Take the data below and repeat it exactly.

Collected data
----
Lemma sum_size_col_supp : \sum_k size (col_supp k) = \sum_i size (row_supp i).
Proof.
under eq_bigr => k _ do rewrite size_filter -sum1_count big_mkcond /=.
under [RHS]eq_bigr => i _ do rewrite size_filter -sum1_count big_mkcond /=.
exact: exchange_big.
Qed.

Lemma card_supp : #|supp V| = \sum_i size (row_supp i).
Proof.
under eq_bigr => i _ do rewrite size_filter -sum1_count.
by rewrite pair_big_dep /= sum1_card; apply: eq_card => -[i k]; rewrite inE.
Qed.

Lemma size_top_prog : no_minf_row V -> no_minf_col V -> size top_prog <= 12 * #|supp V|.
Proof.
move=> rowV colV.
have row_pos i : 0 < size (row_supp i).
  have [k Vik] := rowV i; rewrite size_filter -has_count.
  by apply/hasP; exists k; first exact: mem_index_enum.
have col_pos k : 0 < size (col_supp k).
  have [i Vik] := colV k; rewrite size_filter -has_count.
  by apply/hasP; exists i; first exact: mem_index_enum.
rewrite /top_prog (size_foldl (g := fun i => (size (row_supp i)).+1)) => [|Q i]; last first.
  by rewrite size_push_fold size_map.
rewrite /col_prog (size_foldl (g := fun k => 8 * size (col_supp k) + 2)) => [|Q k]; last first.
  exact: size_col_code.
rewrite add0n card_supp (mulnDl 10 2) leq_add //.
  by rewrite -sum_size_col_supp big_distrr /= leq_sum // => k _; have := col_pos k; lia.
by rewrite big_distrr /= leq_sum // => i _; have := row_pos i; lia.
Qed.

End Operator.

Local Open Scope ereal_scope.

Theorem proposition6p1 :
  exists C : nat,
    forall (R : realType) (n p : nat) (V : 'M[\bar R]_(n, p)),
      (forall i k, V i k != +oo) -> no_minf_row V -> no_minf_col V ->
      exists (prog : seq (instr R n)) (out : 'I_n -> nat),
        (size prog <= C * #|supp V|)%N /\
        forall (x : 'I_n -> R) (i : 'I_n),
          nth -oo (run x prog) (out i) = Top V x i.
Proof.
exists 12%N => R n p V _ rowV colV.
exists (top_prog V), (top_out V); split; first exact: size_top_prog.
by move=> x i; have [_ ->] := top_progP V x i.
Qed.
----
_The answer_
Lemma sum_size_col_supp : \sum_k size (col_supp k) = \sum_i size (row_supp i).
Proof.
under eq_bigr => k _ do rewrite size_filter -sum1_count big_mkcond /=.
under [RHS]eq_bigr => i _ do rewrite size_filter -sum1_count big_mkcond /=.
exact: exchange_big.
Qed.

Lemma card_supp : #|supp V| = \sum_i size (row_supp i).
Proof.
under eq_bigr => i _ do rewrite size_filter -sum1_count.
by rewrite pair_big_dep /= sum1_card; apply: eq_card => -[i k]; rewrite inE.
Qed.

Lemma size_top_prog : no_minf_row V -> no_minf_col V -> size top_prog <= 12 * #|supp V|.
Proof.
move=> rowV colV.
have row_pos i : 0 < size (row_supp i).
  have [k Vik] := rowV i; rewrite size_filter -has_count.
  by apply/hasP; exists k; first exact: mem_index_enum.
have col_pos k : 0 < size (col_supp k).
  have [i Vik] := colV k; rewrite size_filter -has_count.
  by apply/hasP; exists i; first exact: mem_index_enum.
rewrite /top_prog (size_foldl (g := fun i => (size (row_supp i)).+1)) => [|Q i]; last first.
  by rewrite size_push_fold size_map.
rewrite /col_prog (size_foldl (g := fun k => 8 * size (col_supp k) + 2)) => [|Q k]; last first.
  exact: size_col_code.
rewrite add0n card_supp (mulnDl 10 2) leq_add //.
  by rewrite -sum_size_col_supp big_distrr /= leq_sum // => k _; have := col_pos k; lia.
by rewrite big_distrr /= leq_sum // => i _; have := row_pos i; lia.
Qed.

End Operator.

Local Open Scope ereal_scope.

Theorem proposition6p1 :
  exists C : nat,
    forall (R : realType) (n p : nat) (V : 'M[\bar R]_(n, p)),
      (forall i k, V i k != +oo) -> no_minf_row V -> no_minf_col V ->
      exists (prog : seq (instr R n)) (out : 'I_n -> nat),
        (size prog <= C * #|supp V|)%N /\
        forall (x : 'I_n -> R) (i : 'I_n),
          nth -oo (run x prog) (out i) = Top V x i.
Proof.
exists 12%N => R n p V _ rowV colV.
exists (top_prog V), (top_out V); split; first exact: size_top_prog.
by move=> x i; have [_ ->] := top_progP V x i.
Qed.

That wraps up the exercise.